### Work request
Below this sentence is a listing; return exactly its lines from the one with "by rewrite (enc_single _ _ Hf)." to the one with "apply: (is_series_ext _ _ _ _ (is_series_indicator 0", both kept, and nothing more.

### Data records

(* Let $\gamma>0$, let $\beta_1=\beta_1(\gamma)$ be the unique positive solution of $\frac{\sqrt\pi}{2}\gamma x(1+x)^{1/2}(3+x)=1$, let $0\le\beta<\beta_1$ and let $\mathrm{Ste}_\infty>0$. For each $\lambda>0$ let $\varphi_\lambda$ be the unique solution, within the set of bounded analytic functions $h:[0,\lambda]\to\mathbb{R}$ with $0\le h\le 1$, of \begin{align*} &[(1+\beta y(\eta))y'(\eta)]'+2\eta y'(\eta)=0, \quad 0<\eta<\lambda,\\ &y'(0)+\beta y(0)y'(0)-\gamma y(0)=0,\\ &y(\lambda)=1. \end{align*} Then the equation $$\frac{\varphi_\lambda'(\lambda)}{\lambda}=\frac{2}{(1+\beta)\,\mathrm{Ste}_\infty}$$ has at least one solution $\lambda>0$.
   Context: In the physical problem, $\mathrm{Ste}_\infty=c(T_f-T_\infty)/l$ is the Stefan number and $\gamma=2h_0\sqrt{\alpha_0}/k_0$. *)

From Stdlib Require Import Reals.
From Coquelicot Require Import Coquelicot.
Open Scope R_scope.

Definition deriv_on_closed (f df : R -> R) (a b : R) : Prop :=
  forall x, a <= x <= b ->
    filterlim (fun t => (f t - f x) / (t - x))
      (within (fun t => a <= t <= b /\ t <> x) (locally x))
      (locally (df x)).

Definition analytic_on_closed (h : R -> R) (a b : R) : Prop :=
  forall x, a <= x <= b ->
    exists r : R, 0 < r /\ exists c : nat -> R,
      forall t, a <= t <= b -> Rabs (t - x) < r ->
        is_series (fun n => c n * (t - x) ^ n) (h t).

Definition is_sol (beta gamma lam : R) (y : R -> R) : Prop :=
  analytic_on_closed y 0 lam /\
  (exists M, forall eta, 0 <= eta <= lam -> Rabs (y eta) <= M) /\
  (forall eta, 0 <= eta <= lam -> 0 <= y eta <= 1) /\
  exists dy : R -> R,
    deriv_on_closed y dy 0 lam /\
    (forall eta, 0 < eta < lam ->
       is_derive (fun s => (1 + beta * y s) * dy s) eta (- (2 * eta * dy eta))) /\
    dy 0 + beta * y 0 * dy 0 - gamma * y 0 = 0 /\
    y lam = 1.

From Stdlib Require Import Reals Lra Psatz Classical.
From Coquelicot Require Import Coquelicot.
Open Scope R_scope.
* * *
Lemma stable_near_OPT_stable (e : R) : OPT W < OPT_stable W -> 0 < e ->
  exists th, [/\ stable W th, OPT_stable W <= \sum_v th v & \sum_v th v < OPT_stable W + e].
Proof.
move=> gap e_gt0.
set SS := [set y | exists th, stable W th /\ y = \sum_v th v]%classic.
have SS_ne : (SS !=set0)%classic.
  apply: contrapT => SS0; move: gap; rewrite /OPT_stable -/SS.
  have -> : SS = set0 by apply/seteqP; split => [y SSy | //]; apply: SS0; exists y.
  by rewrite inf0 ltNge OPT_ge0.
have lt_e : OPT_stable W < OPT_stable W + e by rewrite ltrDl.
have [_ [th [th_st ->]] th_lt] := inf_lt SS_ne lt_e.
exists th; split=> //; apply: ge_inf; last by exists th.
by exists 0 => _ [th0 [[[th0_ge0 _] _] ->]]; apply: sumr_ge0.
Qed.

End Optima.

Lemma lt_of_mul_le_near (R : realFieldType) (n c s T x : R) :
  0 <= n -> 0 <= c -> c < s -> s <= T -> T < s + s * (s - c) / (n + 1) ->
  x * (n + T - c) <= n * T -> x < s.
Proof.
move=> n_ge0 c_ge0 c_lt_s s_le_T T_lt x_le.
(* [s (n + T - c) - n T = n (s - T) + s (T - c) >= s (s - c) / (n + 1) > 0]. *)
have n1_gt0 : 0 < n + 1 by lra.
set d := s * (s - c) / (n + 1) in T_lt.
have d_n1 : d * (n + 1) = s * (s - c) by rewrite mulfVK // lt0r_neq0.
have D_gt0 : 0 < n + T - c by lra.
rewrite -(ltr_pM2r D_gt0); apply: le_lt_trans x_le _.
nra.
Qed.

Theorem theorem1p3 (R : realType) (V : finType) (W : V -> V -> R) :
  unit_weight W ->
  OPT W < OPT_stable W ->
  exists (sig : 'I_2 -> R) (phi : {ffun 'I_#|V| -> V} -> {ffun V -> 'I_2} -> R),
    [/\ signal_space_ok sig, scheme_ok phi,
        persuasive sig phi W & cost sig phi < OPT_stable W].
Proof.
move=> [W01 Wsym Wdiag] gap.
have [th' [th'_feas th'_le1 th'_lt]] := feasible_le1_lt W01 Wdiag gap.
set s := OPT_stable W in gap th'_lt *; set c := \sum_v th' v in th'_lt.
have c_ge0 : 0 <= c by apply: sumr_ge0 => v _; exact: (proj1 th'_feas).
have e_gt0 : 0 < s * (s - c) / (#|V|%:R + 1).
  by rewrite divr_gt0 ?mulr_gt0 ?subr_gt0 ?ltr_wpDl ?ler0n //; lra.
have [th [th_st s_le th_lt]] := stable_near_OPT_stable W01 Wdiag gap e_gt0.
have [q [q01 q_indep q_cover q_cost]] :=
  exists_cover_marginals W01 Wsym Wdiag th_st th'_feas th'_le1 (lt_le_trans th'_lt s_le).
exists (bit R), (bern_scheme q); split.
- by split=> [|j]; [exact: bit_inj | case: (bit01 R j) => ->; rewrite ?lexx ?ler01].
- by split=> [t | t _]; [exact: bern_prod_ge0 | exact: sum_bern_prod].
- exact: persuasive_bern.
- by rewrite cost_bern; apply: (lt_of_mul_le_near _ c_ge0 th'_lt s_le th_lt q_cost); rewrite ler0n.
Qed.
==
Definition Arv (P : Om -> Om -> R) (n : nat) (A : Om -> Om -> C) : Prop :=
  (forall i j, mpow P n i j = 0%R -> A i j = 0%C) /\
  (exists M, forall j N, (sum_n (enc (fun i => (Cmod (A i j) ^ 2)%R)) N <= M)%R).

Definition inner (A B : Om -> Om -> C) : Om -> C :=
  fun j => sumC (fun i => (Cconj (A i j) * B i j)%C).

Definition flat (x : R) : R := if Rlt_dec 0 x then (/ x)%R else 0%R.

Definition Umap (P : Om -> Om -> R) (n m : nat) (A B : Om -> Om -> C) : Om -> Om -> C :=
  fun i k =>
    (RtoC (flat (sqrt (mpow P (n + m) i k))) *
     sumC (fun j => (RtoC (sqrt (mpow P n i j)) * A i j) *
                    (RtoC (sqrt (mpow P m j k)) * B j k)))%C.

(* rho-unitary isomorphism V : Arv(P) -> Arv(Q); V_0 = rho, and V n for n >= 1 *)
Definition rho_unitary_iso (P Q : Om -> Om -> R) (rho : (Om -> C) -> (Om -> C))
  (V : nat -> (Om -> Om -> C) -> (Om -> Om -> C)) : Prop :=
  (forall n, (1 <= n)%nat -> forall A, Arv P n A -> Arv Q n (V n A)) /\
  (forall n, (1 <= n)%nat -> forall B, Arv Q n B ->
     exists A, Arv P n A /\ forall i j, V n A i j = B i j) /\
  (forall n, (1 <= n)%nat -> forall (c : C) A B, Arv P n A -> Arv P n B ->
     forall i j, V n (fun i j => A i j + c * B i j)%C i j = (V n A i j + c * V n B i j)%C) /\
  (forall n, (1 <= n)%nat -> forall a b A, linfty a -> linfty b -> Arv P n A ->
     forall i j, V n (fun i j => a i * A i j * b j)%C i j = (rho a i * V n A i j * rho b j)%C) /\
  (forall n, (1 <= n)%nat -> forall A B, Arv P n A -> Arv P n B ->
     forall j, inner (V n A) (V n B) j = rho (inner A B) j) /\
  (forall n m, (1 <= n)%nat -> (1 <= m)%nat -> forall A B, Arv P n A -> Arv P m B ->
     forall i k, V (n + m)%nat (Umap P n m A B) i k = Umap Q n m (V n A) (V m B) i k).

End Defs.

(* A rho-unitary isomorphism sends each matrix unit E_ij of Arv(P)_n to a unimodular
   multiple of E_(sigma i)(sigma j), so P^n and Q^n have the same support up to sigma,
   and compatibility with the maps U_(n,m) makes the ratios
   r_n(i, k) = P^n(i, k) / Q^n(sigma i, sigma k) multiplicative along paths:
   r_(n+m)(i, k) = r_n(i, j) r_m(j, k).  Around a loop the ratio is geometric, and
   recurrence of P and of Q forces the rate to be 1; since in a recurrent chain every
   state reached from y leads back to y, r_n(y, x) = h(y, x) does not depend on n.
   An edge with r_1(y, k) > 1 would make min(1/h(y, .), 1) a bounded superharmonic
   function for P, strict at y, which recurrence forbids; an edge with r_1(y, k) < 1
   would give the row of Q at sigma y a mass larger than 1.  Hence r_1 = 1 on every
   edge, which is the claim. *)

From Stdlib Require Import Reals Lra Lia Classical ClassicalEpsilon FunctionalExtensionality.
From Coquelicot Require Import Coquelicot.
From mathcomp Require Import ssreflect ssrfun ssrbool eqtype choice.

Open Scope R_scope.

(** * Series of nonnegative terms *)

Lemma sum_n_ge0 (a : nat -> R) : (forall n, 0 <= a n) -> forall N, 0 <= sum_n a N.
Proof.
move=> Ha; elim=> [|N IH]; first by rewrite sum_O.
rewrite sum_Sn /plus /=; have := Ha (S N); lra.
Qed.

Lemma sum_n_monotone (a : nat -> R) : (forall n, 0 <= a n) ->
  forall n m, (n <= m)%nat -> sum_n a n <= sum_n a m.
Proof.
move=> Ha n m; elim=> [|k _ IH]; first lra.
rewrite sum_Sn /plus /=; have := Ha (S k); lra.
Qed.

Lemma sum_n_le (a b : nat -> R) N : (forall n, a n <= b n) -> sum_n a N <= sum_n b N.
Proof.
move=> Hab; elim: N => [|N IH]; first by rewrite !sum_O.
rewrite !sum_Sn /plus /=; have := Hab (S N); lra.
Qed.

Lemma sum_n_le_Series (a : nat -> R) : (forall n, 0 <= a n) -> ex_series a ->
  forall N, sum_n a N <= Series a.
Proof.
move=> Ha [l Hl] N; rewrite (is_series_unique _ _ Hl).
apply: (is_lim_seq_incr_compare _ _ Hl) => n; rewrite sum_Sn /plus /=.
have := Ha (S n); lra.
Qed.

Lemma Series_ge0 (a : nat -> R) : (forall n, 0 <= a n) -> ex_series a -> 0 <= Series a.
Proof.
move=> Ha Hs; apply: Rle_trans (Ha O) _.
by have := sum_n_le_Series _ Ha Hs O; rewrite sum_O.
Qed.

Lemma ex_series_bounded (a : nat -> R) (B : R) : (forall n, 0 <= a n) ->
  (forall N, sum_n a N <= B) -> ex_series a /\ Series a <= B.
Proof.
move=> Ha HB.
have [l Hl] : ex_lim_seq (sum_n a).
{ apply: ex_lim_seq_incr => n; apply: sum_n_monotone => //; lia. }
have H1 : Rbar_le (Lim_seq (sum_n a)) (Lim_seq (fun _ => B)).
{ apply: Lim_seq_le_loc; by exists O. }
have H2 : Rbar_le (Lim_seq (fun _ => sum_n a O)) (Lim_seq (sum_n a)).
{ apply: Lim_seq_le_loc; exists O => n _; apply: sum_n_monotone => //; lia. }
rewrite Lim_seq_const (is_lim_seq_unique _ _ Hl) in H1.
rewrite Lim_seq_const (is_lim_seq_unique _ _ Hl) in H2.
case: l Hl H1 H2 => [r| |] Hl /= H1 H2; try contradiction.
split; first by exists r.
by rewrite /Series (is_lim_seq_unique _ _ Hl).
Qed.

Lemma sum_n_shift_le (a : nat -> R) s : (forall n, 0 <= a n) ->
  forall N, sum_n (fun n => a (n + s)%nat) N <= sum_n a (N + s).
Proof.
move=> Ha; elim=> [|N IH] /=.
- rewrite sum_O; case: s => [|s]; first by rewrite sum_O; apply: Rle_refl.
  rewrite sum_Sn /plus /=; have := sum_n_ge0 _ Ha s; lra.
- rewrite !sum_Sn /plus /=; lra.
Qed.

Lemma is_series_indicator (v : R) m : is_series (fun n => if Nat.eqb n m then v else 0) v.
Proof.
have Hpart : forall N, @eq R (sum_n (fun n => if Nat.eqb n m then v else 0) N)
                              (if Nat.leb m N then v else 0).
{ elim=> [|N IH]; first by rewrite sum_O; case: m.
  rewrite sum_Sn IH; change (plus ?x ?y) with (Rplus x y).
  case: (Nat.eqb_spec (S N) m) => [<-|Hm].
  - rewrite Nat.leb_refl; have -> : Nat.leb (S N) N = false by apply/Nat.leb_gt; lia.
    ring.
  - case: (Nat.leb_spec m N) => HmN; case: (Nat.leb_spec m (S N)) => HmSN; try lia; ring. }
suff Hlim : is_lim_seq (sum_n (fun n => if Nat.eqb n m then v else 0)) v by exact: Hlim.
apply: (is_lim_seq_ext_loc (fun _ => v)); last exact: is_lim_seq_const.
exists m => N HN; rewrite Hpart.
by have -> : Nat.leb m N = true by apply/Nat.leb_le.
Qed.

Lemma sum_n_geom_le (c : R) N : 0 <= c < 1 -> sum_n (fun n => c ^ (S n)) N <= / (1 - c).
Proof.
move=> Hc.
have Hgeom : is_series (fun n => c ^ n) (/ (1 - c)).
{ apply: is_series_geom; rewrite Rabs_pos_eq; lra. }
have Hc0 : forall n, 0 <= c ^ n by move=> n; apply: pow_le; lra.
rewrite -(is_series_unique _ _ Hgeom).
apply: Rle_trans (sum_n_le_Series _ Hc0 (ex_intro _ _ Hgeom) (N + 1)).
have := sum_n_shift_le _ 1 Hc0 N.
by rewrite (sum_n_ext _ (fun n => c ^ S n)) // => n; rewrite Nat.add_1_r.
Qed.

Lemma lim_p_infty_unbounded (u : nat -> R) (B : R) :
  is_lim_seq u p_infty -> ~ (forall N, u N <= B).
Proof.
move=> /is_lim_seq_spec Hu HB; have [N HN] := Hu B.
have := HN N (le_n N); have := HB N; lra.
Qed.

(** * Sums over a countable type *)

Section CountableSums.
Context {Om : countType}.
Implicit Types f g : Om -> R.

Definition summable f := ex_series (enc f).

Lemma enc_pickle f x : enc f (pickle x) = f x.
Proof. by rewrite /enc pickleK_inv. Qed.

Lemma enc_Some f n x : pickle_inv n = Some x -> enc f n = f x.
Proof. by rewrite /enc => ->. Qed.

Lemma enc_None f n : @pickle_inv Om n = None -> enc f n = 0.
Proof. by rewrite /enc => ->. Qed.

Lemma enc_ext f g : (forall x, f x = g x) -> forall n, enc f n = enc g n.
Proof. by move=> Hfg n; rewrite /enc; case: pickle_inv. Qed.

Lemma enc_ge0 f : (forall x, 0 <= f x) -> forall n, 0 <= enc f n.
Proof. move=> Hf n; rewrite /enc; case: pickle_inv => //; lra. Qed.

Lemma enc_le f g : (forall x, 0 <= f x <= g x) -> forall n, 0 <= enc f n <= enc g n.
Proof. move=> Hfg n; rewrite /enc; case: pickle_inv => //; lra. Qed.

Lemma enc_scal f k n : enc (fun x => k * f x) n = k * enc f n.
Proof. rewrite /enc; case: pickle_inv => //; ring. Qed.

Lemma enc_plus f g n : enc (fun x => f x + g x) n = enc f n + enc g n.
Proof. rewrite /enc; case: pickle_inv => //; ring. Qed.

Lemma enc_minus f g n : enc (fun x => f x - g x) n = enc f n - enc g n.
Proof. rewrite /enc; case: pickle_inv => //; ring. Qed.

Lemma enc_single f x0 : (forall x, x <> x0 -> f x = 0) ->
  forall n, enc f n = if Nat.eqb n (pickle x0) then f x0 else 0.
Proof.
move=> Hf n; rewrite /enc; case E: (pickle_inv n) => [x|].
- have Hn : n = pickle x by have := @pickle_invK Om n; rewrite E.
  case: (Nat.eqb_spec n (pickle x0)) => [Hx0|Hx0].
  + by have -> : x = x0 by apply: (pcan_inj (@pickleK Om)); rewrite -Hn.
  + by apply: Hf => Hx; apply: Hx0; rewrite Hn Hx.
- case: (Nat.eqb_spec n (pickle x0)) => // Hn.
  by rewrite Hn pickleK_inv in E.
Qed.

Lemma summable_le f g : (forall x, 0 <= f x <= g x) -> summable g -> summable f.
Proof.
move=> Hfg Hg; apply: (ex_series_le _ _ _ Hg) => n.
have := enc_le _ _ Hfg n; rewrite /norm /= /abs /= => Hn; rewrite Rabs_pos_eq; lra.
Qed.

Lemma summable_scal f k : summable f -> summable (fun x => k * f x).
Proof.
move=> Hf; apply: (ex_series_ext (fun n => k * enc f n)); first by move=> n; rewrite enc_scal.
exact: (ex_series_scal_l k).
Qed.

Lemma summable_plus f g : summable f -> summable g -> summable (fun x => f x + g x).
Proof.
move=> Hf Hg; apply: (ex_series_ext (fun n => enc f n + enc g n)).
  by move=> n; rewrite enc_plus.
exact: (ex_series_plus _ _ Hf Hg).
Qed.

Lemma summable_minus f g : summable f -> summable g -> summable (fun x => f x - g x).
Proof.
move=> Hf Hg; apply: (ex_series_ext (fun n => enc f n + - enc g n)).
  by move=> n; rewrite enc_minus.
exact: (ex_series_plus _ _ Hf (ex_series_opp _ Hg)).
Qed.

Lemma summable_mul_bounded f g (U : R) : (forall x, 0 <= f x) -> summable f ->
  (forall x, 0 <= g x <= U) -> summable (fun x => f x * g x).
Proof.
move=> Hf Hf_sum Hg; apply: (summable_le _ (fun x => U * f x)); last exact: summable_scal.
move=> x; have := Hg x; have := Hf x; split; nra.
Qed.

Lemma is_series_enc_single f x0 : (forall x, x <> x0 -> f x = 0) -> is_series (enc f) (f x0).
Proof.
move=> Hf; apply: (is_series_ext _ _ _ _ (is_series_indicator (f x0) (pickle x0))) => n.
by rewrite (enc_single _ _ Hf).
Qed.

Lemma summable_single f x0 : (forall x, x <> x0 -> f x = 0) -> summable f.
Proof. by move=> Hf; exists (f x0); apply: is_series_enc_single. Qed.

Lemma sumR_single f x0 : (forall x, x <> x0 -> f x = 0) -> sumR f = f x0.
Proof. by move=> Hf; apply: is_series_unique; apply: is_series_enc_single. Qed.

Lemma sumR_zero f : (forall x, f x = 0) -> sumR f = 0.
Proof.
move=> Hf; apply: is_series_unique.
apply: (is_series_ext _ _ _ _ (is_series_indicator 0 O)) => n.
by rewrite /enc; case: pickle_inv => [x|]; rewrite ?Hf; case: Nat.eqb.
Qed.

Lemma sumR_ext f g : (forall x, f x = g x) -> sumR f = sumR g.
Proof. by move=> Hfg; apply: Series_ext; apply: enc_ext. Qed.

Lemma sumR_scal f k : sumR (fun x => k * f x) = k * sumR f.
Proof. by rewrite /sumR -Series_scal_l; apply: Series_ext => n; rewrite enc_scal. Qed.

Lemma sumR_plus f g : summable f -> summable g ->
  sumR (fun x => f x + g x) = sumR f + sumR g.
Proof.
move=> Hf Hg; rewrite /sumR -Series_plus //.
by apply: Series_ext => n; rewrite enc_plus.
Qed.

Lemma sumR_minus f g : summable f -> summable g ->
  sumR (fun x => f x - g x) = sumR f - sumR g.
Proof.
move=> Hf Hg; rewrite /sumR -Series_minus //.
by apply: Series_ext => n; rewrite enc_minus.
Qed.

### Completed exercise
by rewrite (enc_single _ _ Hf).
Qed.

Lemma summable_single f x0 : (forall x, x <> x0 -> f x = 0) -> summable f.
Proof. by move=> Hf; exists (f x0); apply: is_series_enc_single. Qed.

Lemma sumR_single f x0 : (forall x, x <> x0 -> f x = 0) -> sumR f = f x0.
Proof. by move=> Hf; apply: is_series_unique; apply: is_series_enc_single. Qed.

Lemma sumR_zero f : (forall x, f x = 0) -> sumR f = 0.
Proof.
move=> Hf; apply: is_series_unique.
apply: (is_series_ext _ _ _ _ (is_series_indicator 0 O)) => n.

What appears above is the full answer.